Значит, поступь новых козлиных копыт? Значит, мой сюжет кажется тебе предсказуемым?
Вернувшись домой, я осторожно перелезаю через ноги спящей Эли и включаю ноутбук. Почему-то мне хочется сделать это именно с ноутбука, не с телефона.
«Матвей Бронин сделал свой профиль закрытым. Вы можете добавить его в друзья».
Не могу, дорогой ВКонтакте, разумеется, не могу. Но добавлю.
Симпатичная у него жена, – мельком отмечаю я – и, свернув окно браузера, возвращаюсь к своим делам. Красная фата, чёрное платье, красно-чёрные митенки с кошачьими лапками. В каком стиле была их свадьба – в стиле БДСМ-оргии?..
«Матвей Бронин принял Вашу заявку в друзья».
Я уже стою в ванной; прополоскав рот от зубной пасты, беру с полочки под зеркалом телефон и начинаю набирать давно продуманный текст. Мне до странности спокойно – будто не происходит вообще ничего особенного. Будто я смотрю кино, наблюдая за неожиданным (или не очень-то) поворотом.
«Привет. Я подруга Егора. Надеюсь, ты не воспримешь добавление в друзья как навязчивость. – (Вежливый смайлик). – Он мне показал твоё стихотворение. Хотела сделать комплимент – это очень мелодично. И, насколько я поняла, ты переехал в Питер?
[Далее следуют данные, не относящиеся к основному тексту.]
(* Let $1\le b<\frac{n}{2}-1$ and let $T$ be a tree attaining the maximum value of $M_2$ over $\mathcal{CT}^*_{n,b}$. Then $T$ contains no internal path of length greater than $1$.
   Context: A chemical tree is a tree with maximum degree at most $4$. A branching vertex is a vertex of degree greater than $2$. An internal path is a path $u_0\cdots u_r$ ($r\ge1$) whose end vertices are branching and whose internal vertices all have degree $2$; its length is $r$. $\mathcal{CT}^*_{n,b}$ is the class of all $n$-vertex chemical trees with exactly $b$ branching vertices. $M_2(G)=\sum_{uv\in E(G)}d_ud_v$, where $d_v$ is the degree of $v$. *)

From mathcomp Require Import all_boot.
Set Implicit Arguments. Unset Strict Implicit. Unset Printing Implicit Defensive.

Definition simple_graph (n : nat) (g : rel 'I_n) : Prop :=
  symmetric g /\ irreflexive g.

Definition deg (n : nat) (g : rel 'I_n) (v : 'I_n) : nat := #|[set u | g v u]|.

Definition edge_set (n : nat) (g : rel 'I_n) : {set 'I_n * 'I_n} :=
  [set e : 'I_n * 'I_n | (e.1 < e.2)%N && g e.1 e.2].

Definition is_tree (n : nat) (g : rel 'I_n) : Prop :=
  [/\ simple_graph g, (forall u v : 'I_n, connect g u v) & #|edge_set g| = n.-1].

Definition chemical (n : nat) (g : rel 'I_n) : Prop :=
  forall v : 'I_n, deg g v <= 4.

Definition branching (n : nat) (g : rel 'I_n) (v : 'I_n) : bool := 2 < deg g v.

Definition num_branching (n : nat) (g : rel 'I_n) : nat :=
  #|[set v | branching g v]|.

Definition in_CTstar (n b : nat) (g : rel 'I_n) : Prop :=
  [/\ is_tree g, chemical g & num_branching g = b].

Definition M2 (n : nat) (g : rel 'I_n) : nat :=
  \sum_(e in edge_set g) deg g e.1 * deg g e.2.

(* Internal path u0 u1 ... ur, represented by u0 = x and p = [:: u1; ...; ur]:
   r = size p >= 1, consecutive vertices adjacent, vertices distinct,
   end vertices branching, internal vertices u1..u_{r-1} of degree 2.
   Its length is r = size p. *)
Definition internal_path (n : nat) (g : rel 'I_n) (x : 'I_n) (p : seq 'I_n) : Prop :=
  [/\ (1 <= size p)%N, path g x p, uniq (x :: p),
      branching g x && branching g (last x p)
    & all (fun v => deg g v == 2) (take (size p).-1 p)].

From mathcomp Require Import all_boot zify.
Set Implicit Arguments. Unset Strict Implicit. Unset Printing Implicit Defensive.

(* Let x u y ... be an internal path of length at least 2, so that u has degree 2.
   Suppressing u (replacing the edges xu, uy by xy) and then subdividing a pendant
   edge wl with u gives a tree with the same degrees, hence again in CT*_{n,b},
   whose M2 exceeds that of the original by (d_x - 2)(d_y - 2) + d_w - 2 >= 0.
   If the path has length 2 then y is branching and the gain is positive;
   otherwise the new tree has the internal path x y ... , one edge shorter, and
   the argument is repeated. *)

Lemma connect_avoid_vertex (T : finType) (g g' : rel T) (v z : T) :
  {in predC1 v &, subrel g g'} -> connect g z v -> z != v ->
  exists2 y, g y v & connect g' z y.
Proof.
move=> + /connectP[p gp vE]; rewrite {v}vE; case: (shortenP gp) => {gp} p' gp up _.
case/lastP: p' gp up => [|q y] /=; first by rewrite eqxx.
rewrite rcons_path last_rcons => /andP[gq gqy] /andP[_].
rewrite rcons_uniq => /andP[yq _] gg' zy; exists (last z q) => //.
apply/connectP; exists q => //; apply: (sub_in_path (P := predC1 y) gg' _ gq).
apply/allP => a /predU1P[->|aq] //=.
by apply: contraNneq yq => <-.
Qed.

Section Graphs.

Variable n : nat.
Implicit Types (g : rel 'I_n) (a b u v w x y z : 'I_n) (F : 'I_n -> 'I_n -> nat).

Definition joins x y a b : bool := ((a == x) && (b == y)) || ((a == y) && (b == x)).
Definition add_edge g x y : rel 'I_n := fun a b => g a b || joins x y a b.
Definition del_edge g x y : rel 'I_n := fun a b => g a b && ~~ joins x y a b.
Definition edge_of x y : 'I_n * 'I_n := if (x < y)%N then (x, y) else (y, x).
Definition edge_weight F g := \sum_(e in edge_set g) F e.1 e.2.

Lemma joinsC x y a b : joins x y b a = joins x y a b.
Proof. by rewrite /joins orbC andbC [(b == x) && _]andbC. Qed.

Lemma joins_irr x y a : x != y -> joins x y a a = false.
Proof. by move=> xy; rewrite /joins; apply: contraNF xy => /orP[]/andP[/eqP<- /eqP<-]. Qed.

Lemma joins_rel g x y a b : symmetric g -> joins x y a b -> g a b = g x y.
Proof. by move=> gs /orP[]/andP[/eqP-> /eqP->]; rewrite // gs. Qed.

Lemma sum_joins x y a : x != y -> \sum_b (joins x y a b : nat) = (a == x) + (a == y).
Proof.
move=> xy; have sum_eq1 c : \sum_b (b == c : nat) = 1.
  by rewrite (bigD1 c) //= eqxx big1 // => b /negbTE->.
rewrite /joins; have [->|_] := eqVneq a x.
  by rewrite (negbTE xy) /=; under eq_bigr do rewrite orbF; exact: sum_eq1.
by case: eqP => [_|_] /=; [exact: sum_eq1 | rewrite big1].
Qed.

Lemma deg_sum g v : deg g v = \sum_u (g v u : nat).
Proof. by rewrite /deg -sum1_card big_mkcond; apply: eq_bigr => u _; rewrite inE; case: g. Qed.

Lemma deg_add_edge g x y v : symmetric g -> x != y -> ~~ g x y ->
  deg (add_edge g x y) v = deg g v + (v == x) + (v == y).
Proof.
move=> gs xy nxy; rewrite !deg_sum -addnA -sum_joins // -big_split.
apply: eq_bigr => u _; rewrite /add_edge.
by case J: (joins x y v u); rewrite /= ?(joins_rel gs J) ?(negbTE nxy) ?orbF ?addn0.
Qed.

Lemma deg_del_edge g x y v : symmetric g -> x != y -> g x y ->
  deg (del_edge g x y) v + (v == x) + (v == y) = deg g v.
Proof.
move=> gs xy gxy; rewrite !deg_sum -addnA -sum_joins // -big_split.
apply: eq_bigr => u _; rewrite /del_edge.
by case J: (joins x y v u); rewrite /= ?(joins_rel gs J) ?gxy ?andbT ?andbF ?addn0.
Qed.

Lemma edge_ofE x y a b : x != y -> ((a, b) == edge_of x y) = (a < b)%N && joins x y a b.
Proof.
rewrite /edge_of /joins -!val_eqE; case: ifP; rewrite xpair_eqE -!val_eqE /=; lia.
Qed.

Lemma edge_ofP a b c d : edge_of a b = edge_of c d -> (a = c /\ b = d) \/ (a = d /\ b = c).
Proof. by rewrite /edge_of; do 2!case: ifP => _; case=> -> ->; auto. Qed.

Lemma edge_of_in g x y : symmetric g -> x != y -> (edge_of x y \in edge_set g) = g x y.
Proof.
move=> gs xy; rewrite inE /edge_of; case: ifP => //= lt; rewrite gs andb_idl //.
by move: xy; rewrite -val_eqE /=; lia.
Qed.

Lemma edge_set_add g x y : x != y -> edge_set (add_edge g x y) = edge_of x y |: edge_set g.
Proof.
by move=> xy; apply/setP => -[a b]; rewrite !inE edge_ofE // andb_orr orbC.
Qed.

Lemma edge_set_del g x y : x != y -> edge_set (del_edge g x y) = edge_set g :\ edge_of x y.
Proof.
move=> xy; apply/setP => -[a b]; rewrite !inE edge_ofE //=.
by rewrite /del_edge; case: (a < b)%N; case: (g a b); case: joins.
Qed.

Section Weight.

Variables (F : 'I_n -> 'I_n -> nat) (g : rel 'I_n) (x y : 'I_n).
Hypotheses (FC : forall a b, F a b = F b a) (gs : symmetric g) (xy : x != y).

Lemma F_edge_of : F (edge_of x y).1 (edge_of x y).2 = F x y.
Proof. by rewrite /edge_of; case: ifP. Qed.

Lemma edge_weight_add : ~~ g x y -> edge_weight F (add_edge g x y) = F x y + edge_weight F g.
Proof.
by move=> nxy; rewrite /edge_weight edge_set_add // big_setU1 ?edge_of_in //= F_edge_of.
Qed.

Lemma edge_weight_del : g x y -> F x y + edge_weight F (del_edge g x y) = edge_weight F g.
Proof.
move=> gxy; rewrite /edge_weight edge_set_del // [RHS](big_setD1 (edge_of x y)) ?edge_of_in //.
by rewrite F_edge_of.
Qed.

End Weight.

Lemma card_edge_set g : #|edge_set g| = edge_weight (fun _ _ => 1) g.
Proof. by rewrite /edge_weight sum1_card. Qed.

Lemma add_edge_sym g x y : symmetric g -> symmetric (add_edge g x y).
Proof. by move=> gs a b; rewrite /add_edge gs joinsC. Qed.

Lemma del_edge_sym g x y : symmetric g -> symmetric (del_edge g x y).
Proof. by move=> gs a b; rewrite /del_edge gs joinsC. Qed.

Lemma add_edge_irr g x y : x != y -> irreflexive g -> irreflexive (add_edge g x y).
Proof. by move=> xy gi a; rewrite /add_edge gi joins_irr. Qed.

Lemma del_edge_irr g x y : irreflexive g -> irreflexive (del_edge g x y).
Proof. by move=> gi a; rewrite /del_edge gi. Qed.

Lemma sum_deg g : symmetric g -> irreflexive g -> \sum_v deg g v = 2 * #|edge_set g|.
Proof.
move=> gs gi; pose h v u := ((v < u)%N && g v u : nat).
have sum_h : \sum_v \sum_u h v u = #|edge_set g|.
  rewrite pair_big -sum1_card [RHS]big_mkcond; apply: eq_bigr => -[a b] _.
  by rewrite inE /h /=; case: (_ && _).
have deg_h v : deg g v = \sum_u (h v u + h u v).
  rewrite deg_sum; apply: eq_bigr => u _; rewrite /h (gs u v).
  by case: ltngtP => [||/val_inj->]; rewrite ?addn0 ?gi.
under eq_bigr do rewrite deg_h big_split.
by rewrite big_split /= [X in _ + X]exchange_big sum_h addnn mul2n.
Qed.

Lemma connected_card_edge_set g : symmetric g -> (forall u v, connect g u v) ->
  n.-1 <= #|edge_set g|.
Proof.
move=> gs gc; case: (posnP n) => [n0|n_gt0]; first by have -> : n.-1 = 0 by rewrite n0.
pose r := Ordinal n_gt0.
have exP v : exists k, [exists t : k.-tuple 'I_n, path g v t && (last v t == r)].
  have /connectP[p gp rE] := gc v r; exists (size p).
  by apply/existsP; exists (in_tuple p); rewrite /= gp -rE eqxx.
pose dist v := ex_minn (exP v).
have closer v : v != r -> exists2 y, g v y & dist y < dist v.
  move=> vr; rewrite /dist; case: ex_minnP => d /existsP[[[|y t] /= sz_t]].
    by move=> /eqP vr'; rewrite vr' eqxx in vr.
  move=> /andP[/andP[gvy gt] last_t] _; exists y => //.
  case: ex_minnP => m _ min_m; have sz_t' : size t == d.-1 by move/eqP: sz_t => <-.
  have : m <= d.-1 by apply: min_m; apply/existsP; exists (Tuple sz_t'); rewrite /= gt.
  by move/eqP: sz_t => <- /=; lia.
(* Sending v != r to the edge towards a neighbour closer to r is injective. *)
pose par v := odflt v [pick y | g v y && (dist y < dist v)].
have parP v : v != r -> g v (par v) && (dist (par v) < dist v).
  move=> vr; rewrite /par; case: pickP => [y -> //|none].
  by have [y gvy lt] := closer v vr; move: (none y); rewrite gvy lt.
have sub : [set edge_of v (par v) | v in [set~ r]] \subset edge_set g.
  apply/subsetP => e /imsetP[v]; rewrite in_setC1 => vr ->.
  have /andP[gv lt] := parP v vr; rewrite edge_of_in //.
  by apply: contraTneq lt => <-; rewrite ltnn.
have inj : {in [set~ r] &, injective (fun v => edge_of v (par v))}.
  move=> v v'; rewrite !inE => vr vr'.
  have /andP[_ lt] := parP v vr; have /andP[_ lt'] := parP v' vr'.
  case/edge_ofP => [[] // | [e1 e2]]; exfalso.
  by rewrite e2 in lt; rewrite -e1 in lt'; lia.
rewrite -{1}(card_ord n) -(cardsC1 r) -(card_in_imset inj); exact: subset_leq_card.
Qed.

Lemma nbrsE g v (A : {set 'I_n}) : {subset A <= g v} -> deg g v <= #|A| ->
  forall u, g v u = (u \in A).
Proof.
move=> sA dA u; suff -> : A = [set u | g v u] by rewrite inE.
by apply/eqP; rewrite eqEcard dA andbT; apply/subsetP => a /sA; rewrite inE.
Qed.

Lemma tree_no_triangle g x y z : is_tree g -> g x y -> g y z -> x != z -> ~~ g x z.
Proof.
case=> -[gs gi] gc gE gxy gyz xz; apply/negP => gxz.
have xy : x != y by apply: contraTneq gxy => ->; rewrite gi.
have yz : y != z by apply: contraTneq gyz => ->; rewrite gi.
pose g' := del_edge g x z; have g's : symmetric g' := del_edge_sym x z gs.
have g'xy : g' x y by rewrite /g' /del_edge gxy /joins eqxx (negbTE xz) (negbTE yz).
have g'yz : g' y z by rewrite /g' /del_edge gyz /joins (eq_sym y) (negbTE xy) (negbTE yz).
have g'_sub : subrel g (connect g').
  move=> a b gab; case J: (joins x z a b); last by rewrite connect1 // /g' /del_edge gab J.
  have cxz : connect g' x z := connect_trans (connect1 g'xy) (connect1 g'yz).
  by case/orP: J => /andP[/eqP-> /eqP->] //; rewrite (sym_connect_sym g's).
have := connected_card_edge_set g's (fun u v => connect_sub g'_sub (gc u v)).
have := edge_weight_del (F := fun _ _ => 1) (fun _ _ => erefl) gs xz gxz.
by rewrite -!card_edge_set gE -/g'; lia.
Qed.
Я тут уже довольно сильно вросла, поэтому, если вдруг нужна будет экскурсия по центру или какому-нибудь музею – обращайся, буду рада составить компанию».
Я не успеваю допечатать свою заготовку, когда приходит сообщение Матвея.
«Привет. Насколько я знаю, ты подруга Егора? Его друзья ко мне обычно не добавляются. Ты с какой-то целью или так, поболтать? Статус прикольный, могу пару строк добить, если хочешь». Вежливый смайлик.
Ну, вот и всё.
Всё?..

***

Лес

В лес приходит зима. Белый пухово-хрустящий покров снега заметает мох на земле, оседает на ветках, будто опушка на рукавах, падает мне на плечи и волосы. Когда я выдыхаю, изо рта вырываются облачка пара, но холода почему-то нет – только белая затаившаяся тишина. Пригоршня снега бесшумно валится с тёмно-изумрудной еловой лапы в ближайший сугроб; кто качнул лапу – птица? белка? порыв ветра?.. Я не заметила, как и когда начался снегопад; кажется, просто свернула на новую тропу – и попала из лета в зиму, словно дети из сказки Льюиса в Нарнию.
Снег размеренно похрустывает под ногами, подошвы ботинок вязко утопают в нём. Мне к нему не привыкать – скорее трудно отвыкнуть: когда растёшь в Сибири, сугробы – то, на что тебе приходится смотреть большую часть года. После переезда в Питер его малоснежные мокрые зимы меня скорее радовали – не приходилось пробираться через тугие белые завалы, проваливаясь, не приходилось дрожать от пробирающего до костей мороза, когда толком не получается даже вдохнуть.
Впрочем, здесь – получается легко. И снег не такой, как в моих воспоминаниях о родном городке или о заснеженном дворе моей высотки в Чащинске: девственно-белый, лёгкий, как сахарная пудра, не утрамбованный колёсами машин. Дышать просто.
Вдох. Выдох.
Провожу кончиками пальцев по веткам ближайшего куста, и снег, посверкивая россыпью крошечных кристаллов в лучах слабого солнца, сыпется вниз. Моей ладони шершаво от веток, прохладно от снега. Тихо. Так тихо, что даже чуть не по себе.
А куда подевался хоббит – и как давно?.. Мы поболтали совсем немного, он напоил меня чем-то горячим и вкусным в своём домишке – чем-то вроде подогретого вишнёвого вина. Я толком не помню, о чём мы говорили. Кажется, он жаловался на скуку и уединение лесной жизни – и ещё горестно намекал, что ведьма с болота не отвечает ему взаимностью.
И сказал, что понятия не имеет, где найти оленью тропу. Хотя бы одну.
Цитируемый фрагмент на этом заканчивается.